» **What you are asked to do**:
Copy the line with "rewrite /spider_layout =>" and all lines following it through the last line of the entries, exactly as written.

BEGIN Data supplied

Lemma card_Tr_Nm a c : a \in Fq -> a != 0 -> inF3 c ->
  #|[set t | Tr m (a * Nm t) == c]| =
    ((c == 0%R) + (3 ^ m + 1) * (3 ^ m.-1 - (c == 0%R)))%N.
Proof.
move=> aFq a0 c3.
rewrite (card_Nm_preim (fun x => Tr m (a * x) == c)) /= mulr0 Tr0 eq_sym.
have := card_Tr_Fq aFq a0 c3; rewrite expn_m_pred => h.
by have -> : #|[set x in Fq | Tr m (a * x) == c]| = (3 ^ m.-1)%N by lia.
Qed.

Lemma card_Tr_Nm_le a c : a \in Fq -> a != 0 -> inF3 c ->
  (#|[set t | Tr m (a * Nm t)%R == c]| <= (3 ^ m + 1) * 3 ^ m.-1)%N.
Proof.
move=> aFq a0 c3; rewrite card_Tr_Nm //; have := expn_gt0 3 m.-1.
by case: (c == 0) => /=; nia.
Qed.

Lemma card_Tr_Nm_neq0 a c : a \in Fq -> a != 0 -> inF3 c -> c != 0 ->
  #|[set t | Tr m (a * Nm t) == c]| = ((3 ^ m + 1) * 3 ^ m.-1)%N.
Proof. by move=> aFq a0 c3 c0; rewrite card_Tr_Nm // (negbTE c0) subn0. Qed.


Definition cw (a b h : F) : {ffun F -> F} :=
  [ffun t => Tr m (a * t ^+ (3 ^ m + 1) + b * t) + h].

Definition num_zeros (f : {ffun F -> F}) : nat := #|[set t | f t == 0]|.

Lemma wt_num_zeros f : (wt f + num_zeros f)%N = #|F|.
Proof.
rewrite /wt /num_zeros -(cardsC (supp f)); congr (_ + _)%N.
by apply: eq_card => t; rewrite !inE negbK.
Qed.

Lemma codeCP f : reflect
  (exists a b h, [/\ inFm m a, inF3 h & f = cw a b h]) (f \in codeC m F).
Proof.
apply: (iffP idP) => [|[a [b [h [ha hh ->]]]]].
  rewrite inE => /existsP [a /existsP [b /existsP [h /and3P [ha hh /eqP ->]]]].
  by exists a, b, h.
by rewrite inE; apply/existsP; exists a; apply/existsP; exists b; apply/existsP;
   exists h; rewrite ha hh eqxx.
Qed.

Lemma Nm_addr t u :
  Nm (t + u) = Nm t + t ^+ (3 ^ m) * u + u ^+ (3 ^ m) * t + Nm u.
Proof. by rewrite /Nm !exprD !expr1 frobD; ring. Qed.

(* Completing the square: for a in Fq^*, translating t by
   u = (b / (2a))^q turns Tr(a Nm t + b t) into Tr(a Nm (t + u)) minus a
   constant. *)
Lemma Tr_complete_square a b u t : a \in Fq -> a != 0 ->
  u = (b / (2%:R * a)) ^+ (3 ^ m) ->
  Tr m (a * Nm (t + u)) = Tr m (a * Nm t + b * t) + Tr m (a * Nm u).
Proof.
rewrite inFqE => /eqP aFq a0 uE.
have uq : u ^+ (3 ^ m) = b / (2%:R * a) by rewrite uE -exprM expn_m_sqr frob_card.
have cross : Tr m (a * (t ^+ (3 ^ m) * u)) = Tr m (a * (u ^+ (3 ^ m) * t)).
  rewrite -(Tr_frob m (a * (u ^+ (3 ^ m) * t))) !exprMn aFq -exprM expn_m_sqr.
  by rewrite frob_card; congr (Tr m _); ring.
have double : Tr m (a * (u ^+ (3 ^ m) * t)) + Tr m (a * (u ^+ (3 ^ m) * t))
              = Tr m (b * t).
  by rewrite -TrD uq; congr (Tr m _); field; rewrite a0 two_neq0.
by rewrite Nm_addr !mulrDr !TrD cross -double; ring.
Qed.

Lemma num_zeros_le f : f \in codeC m F -> f != 0 ->
  (num_zeros f <= (3 ^ m + 1) * 3 ^ m.-1)%N.
Proof.
case/codeCP => a [b [h [ha hh ->]]] f0; have aFq : a \in Fq by rewrite inE.
have [a0|a0] := eqVneq a 0; last first.
  pose u := (b / (2%:R * a)) ^+ (3 ^ m).
  have -> : num_zeros (cw a b h) =
      #|[set t | Tr m (a * Nm (t + u)) == Tr m (a * Nm u) - h]|.
    apply: eq_card => t; rewrite !inE ffunE -/(Nm t).
    rewrite (Tr_complete_square t aFq a0 (erefl u)) -[in RHS]subr_eq0.
    by congr (_ == 0); ring.
  rewrite (card_transl (B := [set s | Tr m (a * Nm s) == Tr m (a * Nm u) - h])
                       (s := fun t => t + u)).
  - exact: card_Tr_Nm_le (inF3D (Tr_F3 _) (inF3N hh)).
  - exact: addIr.
  - by move=> t; rewrite !inE.
subst a; have [b0|b0] := eqVneq b 0.
  have h0 : h != 0.
    apply: contraNneq f0 => h0; apply/eqP/ffunP => t.
    by rewrite !ffunE b0 !mul0r addr0 Tr0 h0 add0r.
  rewrite /num_zeros (_ : [set t | _] = set0) ?cards0 //; apply/setP => t.
  by rewrite !inE ffunE b0 !mul0r addr0 Tr0 add0r (negbTE h0).
have zerosE : num_zeros (cw 0 b h) = #|[set x in [set: F] | Tr m (b * x) == - h]|.
  by apply: eq_card => t; rewrite !inE ffunE mul0r add0r addr_eq0.
have := card_Tr_F b0 (inF3N hh); rewrite -zerosE cardF -expn_m_sqr expn_m_pred.
by have := expn_gt0 3 m.-1; nia.
Qed.

Definition block (a h : F) : {set F} := supp (cw a 0 h).

Lemma num_zeros_cw a h : a \in Fq -> a != 0 -> inF3 h -> h != 0 ->
  num_zeros (cw a 0 h) = ((3 ^ m + 1) * 3 ^ m.-1)%N.
Proof.
move=> aFq a0 hh h0; rewrite -(card_Tr_Nm_neq0 aFq a0 (inF3N hh)) ?oppr_eq0 //.
by apply: eq_card => t; rewrite !inE ffunE mul0r addr0 addr_eq0.
Qed.

Lemma min_wt_cw a h : a \in Fq -> a != 0 -> inF3 h -> h != 0 ->
  min_wt_word m (cw a 0 h).
Proof.
move=> aFq a0 hh h0; have ha : inFm m a by move: aFq; rewrite inE.
have zeros := num_zeros_cw aFq a0 hh h0.
apply/and3P; split; first by apply/codeCP; exists a, 0, h.
  apply/eqP => cw0; move: zeros; rewrite cw0 /num_zeros.
  rewrite (_ : [set t | _] = setT); last by apply/setP => t; rewrite !inE ffunE eqxx.
  by rewrite cardsT cardF -expn_m_sqr expn_m_pred; have := expn_gt0 3 m.-1; nia.
apply/forall_inP => g gC; apply/implyP => g0.
have := num_zeros_le gC g0; have := wt_num_zeros g.
by have := wt_num_zeros (cw a 0 h); rewrite zeros; lia.
Qed.

Lemma block_in_blocksD a h : a \in Fq -> a != 0 -> inF3 h -> h != 0 ->
  block a h \in blocksD m F.
Proof. by move=> aFq a0 hh h0; apply: imset_f; rewrite inE min_wt_cw. Qed.


Definition in_span (v : F -> F) : Prop := in_C3D m (finfun v).

Lemma in_span_ext v w : in_span v -> (forall t, v t = w t) -> in_span w.
Proof.
by case=> lam [lam3 vE] vw; exists lam; split=> // t; rewrite ffunE -vw -vE ffunE.
Qed.

Lemma in_span0 : in_span (fun _ => 0).
Proof.
exists (fun _ => 0); split=> [B|t]; first exact: (inF3nat 0).
by rewrite ffunE big1 // => B _; rewrite mul0r.
Qed.

Lemma in_spanD v w : in_span v -> in_span w -> in_span (fun t => v t + w t).
Proof.
case=> [l1 [l1_3 vE]] [l2 [l2_3 wE]]; exists (fun B => l1 B + l2 B); split.
  by move=> B; apply: inF3D.
move=> t; rewrite ffunE -[v t](ffunE v) -[w t](ffunE w) vE wE -big_split /=.
by apply: eq_bigr => B _; rewrite mulrDl.
Qed.

Lemma in_spanZ c v : inF3 c -> in_span v -> in_span (fun t => c * v t).
Proof.
move=> c3 [l [l3 vE]]; exists (fun B => c * l B); split.
  by move=> B; apply: inF3M.
move=> t; rewrite ffunE -[v t](ffunE v) vE mulr_sumr.
by apply: eq_bigr => B _; rewrite mulrA.
Qed.

Lemma in_spanB v w : in_span v -> in_span w -> in_span (fun t => v t - w t).
Proof.
move=> hv /(in_spanZ inF3N1) hw; apply: in_span_ext (in_spanD hv hw) _ => t.
by rewrite mulN1r.
Qed.

Lemma in_span_sum (I : finType) (P : pred I) (v : I -> F -> F) :
  (forall i, P i -> in_span (v i)) -> in_span (fun t => \sum_(i | P i) v i t).
Proof.
move=> hv; rewrite /index_enum; elim: (Finite.enum I) => [|i s IH].
  by apply: in_span_ext in_span0 _ => t; rewrite big_nil.
case Pi: (P i).
  by apply: in_span_ext (in_spanD (hv i Pi) IH) _ => t; rewrite big_cons Pi.
by apply: in_span_ext IH _ => t; rewrite big_cons Pi.
Qed.

Lemma in_span_incv B : B \in blocksD m F -> in_span (incv B).
Proof.
move=> hB; exists (fun B' => (B' == B)%:R); split=> [B'|t]; first exact: inF3nat.
rewrite ffunE (bigD1 B) //= eqxx mul1r big1 ?addr0 // => B' /andP[_ nB].
by rewrite (negbTE nB) mul0r.
Qed.

Definition G (a t : F) : F := Tr m (a * t ^+ (3 ^ m + 1)).

Lemma G_F3 a t : inF3 (G a t).
Proof. exact: Tr_F3. Qed.

Lemma incv_block a h t : incv (block a h) t = (G a t + h != 0)%:R.
Proof. by rewrite /incv !ffunE inE ffunE mul0r addr0. Qed.

Lemma incv_block_sub a t :
  incv (block a 1) t - incv (block a (-1)) t = G a t.
Proof.
have nN10 : (-1 : F) != 0 by rewrite oppr_eq0 oner_eq0.
rewrite !incv_block; case: (F3_cases (G_F3 a t)) => ->.
- by rewrite add0r oner_eq0 add0r (negbTE nN10) subrr.
- by rewrite addrN eqxx two_neq0 subr0.
- by rewrite addNr eqxx -opprD oppr_eq0 two_neq0 sub0r.
Qed.

Lemma incv_block_add a t :
  incv (block a 1) t + incv (block a (-1)) t = 2%:R - G a t ^+ 2.
Proof.
have nN10 : (-1 : F) != 0 by rewrite oppr_eq0 oner_eq0.
rewrite !incv_block; case: (F3_cases (G_F3 a t)) => ->.
- by rewrite add0r oner_eq0 add0r (negbTE nN10) expr0n subr0.
- by rewrite addrN eqxx two_neq0 expr1n addr0 -addrA subrr addr0.
- by rewrite addNr eqxx -opprD oppr_eq0 two_neq0 sqrrN expr1n add0r -addrA subrr addr0.
Qed.

(* Summing G_a(t)^2 over Fq counts the a with G_a(t) != 0; for t != 0 there
   are 2q/3 of them, a multiple of 3 because m >= 2. *)
Lemma sum_sqr_G t : \sum_(a in Fq) G a t ^+ 2 = 0.
Proof.
rewrite /G -/(Nm t); have [t0|t0] := eqVneq (Nm t) 0.
  by rewrite big1 // => a _; rewrite t0 mulr0 Tr0 expr0n.
under eq_bigr do rewrite sqr_F3 ?Tr_F3 // mulrC.
rewrite -natr_sum sum_neq_card natr_dvd3 //.
have F3_0 : inF3 (0 : F) by rewrite /inF3 expr0n.
have := card_Tr_Fq (Nm_Fq t) t0 F3_0; rewrite card_Fq expn_m_pred.
rewrite expn_m_pred2; set C := #|_| => h; rewrite -/C.
by apply/dvdnP; exists (3 * 3 ^ m.-2 - 3 ^ m.-2)%N; lia.
Qed.
Lemma comp_br_eq0 al x y :
  (forall be ga, mdeg_add be ga = al -> br (comp be x) (comp ga y) = 0) ->
  comp al (br x y) = 0.
Proof.
move=> homog0; have [_ [_ [decomp [_ br_homog]]]] := grading.
have [s [_ _ ->]] := decomp x; have [t [_ _ ->]] := decomp y.
rewrite (big_morph _ (brDl br_bilinear _) (br0l br_bilinear _)) comp_sum.
apply: big1 => be _.
rewrite (big_morph _ (brDr br_bilinear _) (br0r br_bilinear _)) comp_sum.
apply: big1 => ga _.
have br_be_ga := br_homog be ga _ _ (comp_id be x) (comp_id ga y).
by rewrite -br_be_ga comp_comp; case: eqP => // al_be_ga; rewrite br_be_ga homog0.
Qed.

Lemma comp_filtration k x al :
  filtration br a k x -> (mdeg_size al < k)%N -> comp al x = 0.
Proof.
move=> fx; elim: fx al => {k x}.
- move=> i k k1 al; rewrite comp_generator; case: eqP => // ->.
  by rewrite mdeg_size_unit; case: k k1 => [|[]].
- move=> p q k x y _ IHx _ IHy kpq al al_k; apply: comp_br_eq0 => be ga al_be_ga.
  have [be_p|p_be] := ltnP (mdeg_size be) p; first by rewrite IHx ?br0l.
  rewrite IHy ?br0r //; move: al_k; rewrite -al_be_ga mdeg_size_add; lia.
- by move=> k x y _ IHx _ IHy al al_k; rewrite compD IHx ?IHy ?addr0.
- by move=> k c x _ IHx al al_k; rewrite compZ IHx ?scaler0.
- by move=> k al _; rewrite comp0.
Qed.

Lemma filtration_eq0 x : (forall k, filtration br a k x) -> x = 0.
Proof. by move=> fx; apply: comp_eq0 => al; apply: comp_filtration (fx _) _. Qed.

Lemma comp_unit_linear k (r : 'I_n -> R) c : filtration br a 2 c ->
  comp (mdeg_unit k) (\sum_j r j *: a j + c) = r k *: a k.
Proof.
move=> c2; rewrite compD (comp_filtration c2) ?mdeg_size_unit // addr0.
rewrite comp_sum (bigD1 k) //= compZ comp_generator eqxx big1 ?addr0 // => j jk.
by rewrite compZ comp_generator (inj_eq (@mdeg_unit_inj n)) eq_sym (negPf jk) scaler0.
Qed.
(* Strands 0 and 1 are adjacent on the positive side (when p >= 2), so a
   path may switch between them while its depth changes by at most one. *)
Lemma zigzag_turn e1 e2 : 2 <= p -> e1 <= e2 + 1 -> e2 <= e1 + 2 ->
  near_pq (zigzag 1 e1) (zigzag 0 e2).
Proof.
rewrite /near /zigzag => p_ge2 le1 le2; rewrite p_ge2 (ltnW p_ge2).
case: (leqP e1 e2) => [le | lt].
  have [d [-> d_le]] : exists d, e2 = e1 + d /\ d <= 2 by exists (e2 - e1); lia.
  have : p * d <= 2 * p by nia.
  by rewrite mulnDr; lia.
have -> : e1 = e2 + 1 by lia.
by rewrite mulnDr; lia.
Qed.
End Zigzag.

Lemma uphalf_bounds n : n <= uphalf n + uphalf n <= n.+1.
Proof. by rewrite addnn uphalfK; case: (odd n); rewrite /= ?leqnSn ?leqnn. Qed.

(* Leg a is strand 1; leg b is folded at
   h = ceil((la + lb) / 2): its positions j < h form strand 0 and the others
   continue strand 1 beyond leg a, in reverse order, so that the end of leg b
   sits at depth la of strand 1 (or near the start of strand 0 when lb is
   small), next to the end la - 1 of leg a.  The other legs are
   strands 2, ..., m - 1 in increasing order. *)
Definition spider_layout (a b la lb i j : nat) : nat * nat :=
  if i == a then (1, j)
  else if i == b then
    (if j < uphalf (la + lb) then (0, j) else (1, la + lb - j.+1))
  else ((i - (a < i) - (b < i)).+2, j).

Section Layout.
Variables a b la lb : nat.
Hypotheses (lt_ab : a < b) (la_gt0 : 0 < la).

Local Notation layout := (spider_layout a b la lb).

Lemma layout_strand_lt m i j : b < m -> i < m -> (layout i j).1 < m.
Proof.
rewrite /spider_layout => b_lt i_lt; case: eqP => [_|ia] /=; first lia.
case: eqP => [_|ib] /=; first by case: ifP => /= _; lia.
by case: (ltnP a i) => ?; case: (ltnP b i) => ? /=; lia.
Qed.

Definition on_leg (i j : nat) : Prop := (i = a -> j < la) /\ (i = b -> j < lb).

END Data supplied

» **Written solution**:
rewrite /spider_layout => b_lt i_lt; case: eqP => [_|ia] /=; first lia.
case: eqP => [_|ib] /=; first by case: ifP => /= _; lia.
by case: (ltnP a i) => ?; case: (ltnP b i) => ? /=; lia.
Qed.

Definition on_leg (i j : nat) : Prop := (i = a -> j < la) /\ (i = b -> j < lb).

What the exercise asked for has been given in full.